Nitro - aci -nitro tautomerism
Compounds with a nitro group are in acid solution with its aci - form in equilibrium. In this case the equilibrium is usually on the side of the nitro compound.
Nitroso- oxime tautomerism
Compounds with a nitroso group are in acid solution with its oxime form in equilibrium. Here, the balance usually is 100% on the side of the oxime.
Amide imidic tautomerism
Imine -enamine tautomerism
Azo - hydrazo tautomerism
Azo compounds with an enolizable hydrogen atom on the α - carbon atom adjacent to the azo group are in equilibrium with the hydrazo form. In this case, the equilibrium usually lies predominantly on the side of the hydrazo form.
Tautomerism in tetrazoles
Tautomeric equilibrium of the heteroaromatic 1H- tetrazoles and 2H- tetrazoles as compared with 5H- tetrazole (right):
Lactam lactim tautomerism
Thiolactam - Thiolactim tautomerism
Ring-chain equilibria
Oxy - cyclo - tautomerism
Long-chain oxo compounds are cyclic ether could form. Example is the hemiacetal cyclo - tautomerism. Hemiacetals result in an addition reaction of alcohols to carbonyl compounds. If a molecule contains a hydroxyl group, which is far enough away from the carbonyl group, there may be a reaction within the molecule for ring closure. Here, the carbonyl oxygen is replaced by the proton of the hydroxyl group and, because of that the hydroxyl group. Ring closure is effected by the formation of a bond between the negatively polarized oxygen remote hydroxy group and the positively polarized carbon of the carbonyl group. Between the open-chain Aldhehyd or keto form and the ring form in aqueous solution is an equilibrium. This is the case for all aldo- and keto- pentoses and hexoses in aqueous solution.

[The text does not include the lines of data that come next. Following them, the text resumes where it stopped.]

Lemma sector_admissible (r1 T a : R) (m j : nat) :
  0 < r1 -> 1 < T -> 1 < a -> 37 / 10 * sinh_ln (T * a) / sinh_ln T <= INR m ->
  admissible r1 (tanh_ln T) (sector r1 a (T * a) m j).
Proof.
  intros Hr1 HT Ha Hm; split; [| split].
  - apply open_and; [apply open_Cmod_gt |].
    apply open_and; [apply open_Cmod_lt | apply open_angle_lt].
  - intros z (_ & Hz & _); unfold disk.
    assert (ratio_radius (T * a) < 1) by (apply ratio_radius_lt1; nra).
    nra.
  - apply diam_r_le; intros z w Hz Hw; exact (sector_dist_le r1 T a m j z w Hr1 HT Ha Hm Hz Hw).
Qed.

Lemma sector_cover (r1 a b : R) (m : nat) (z : C) :
  0 < r1 -> 1 < a -> (1 <= m)%nat ->
  r1 * ratio_radius a < Cmod z < r1 * ratio_radius b ->
  exists j, (j < m)%nat /\ sector r1 a b m j z.
Proof.
  intros Hr1 Ha Hm [Hlo Hhi].
  assert (Hz : 0 < Cmod z) by (assert (H := ratio_radius_gt0 a Ha); nra).
  destruct (exists_root_of_unity_near m z Hm Hz) as (j & Hj & Hang).
  exists j; repeat split; assumption.
Qed.

(** * Layers *)

Fixpoint prefix_sum (m : nat -> nat) (n : nat) : nat :=
  match n with
  | O => O
  | S k => (prefix_sum m k + m k)%nat
  end.

Lemma prefix_sum_le (m : nat -> nat) (n n' : nat) :
  (n <= n')%nat -> (prefix_sum m n <= prefix_sum m n')%nat.
Proof. induction 1; simpl; lia. Qed.

Lemma prefix_sum_block_lt (m : nat -> nat) (K n j : nat) :
  (n < K)%nat -> (j < m n)%nat -> (prefix_sum m n + j < prefix_sum m K)%nat.
Proof. intros Hn Hj; assert (H := prefix_sum_le m (S n) K Hn); simpl in H; lia. Qed.

Fixpoint block_enum {X : Type} (x0 : X) (F : nat -> nat -> X) (m : nat -> nat) (K i : nat) : X :=
  match K with
  | O => x0
  | S k =>
      if (i <? prefix_sum m k)%nat then block_enum x0 F m k i
      else if (i <? prefix_sum m (S k))%nat then F k (i - prefix_sum m k)%nat
      else x0
  end.

Lemma block_enum_cases {X : Type} (x0 : X) (F : nat -> nat -> X) (m : nat -> nat) (K i : nat) :
  block_enum x0 F m K i = x0 \/
  exists n j, (n < K)%nat /\ (j < m n)%nat /\ block_enum x0 F m K i = F n j.
Proof.
  induction K as [| k IH]; simpl; [now left |].
  destruct (Nat.ltb_spec i (prefix_sum m k)) as [Hi | Hi].
  - destruct IH as [IH | (n & j & Hn & Hj & IH)]; [now left | right].
    exists n, j; repeat split; [lia | assumption | assumption].
  - destruct (Nat.ltb_spec i (prefix_sum m k + m k)) as [Hi' | Hi']; [right | now left].
    exists k, (i - prefix_sum m k)%nat; repeat split; lia.
Qed.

(see ATP and RNA, see also glucose and fructose)
Tropanol - Cycloheptanone tautomerism
(1R )-1- Tropanol is (R) - (methylamino ) cycloheptanone in a tautomeric equilibrium:
Anionotropie
Such butenols: 3-hydroxy -1-butene is 1 -hydroxy-2 -butene ( crotyl alcohol ) in a tautomeric equilibrium, when it is heated with dilute sulfuric acid at 100 ° C for several hours ( equilibrium ratio 3: 7). This corresponds to only formally a Anionotropie tautomerism in which a hydroxide anion changes its position. The actual reaction mechanism is that initially the hydroxy group is protonated, and then split off as water molecule. What remains is a resonance-stabilized carbenium ion, which is polarized positive at the first and third carbon atom. On one of the two carbon atoms of a water molecule can bind, which is to the hydroxyl group again by elimination of a proton.
Dyadic tautomerism
In the dyadic tautomerism (from gr dyas = duality ) there will be a proton migration between neighboring atoms.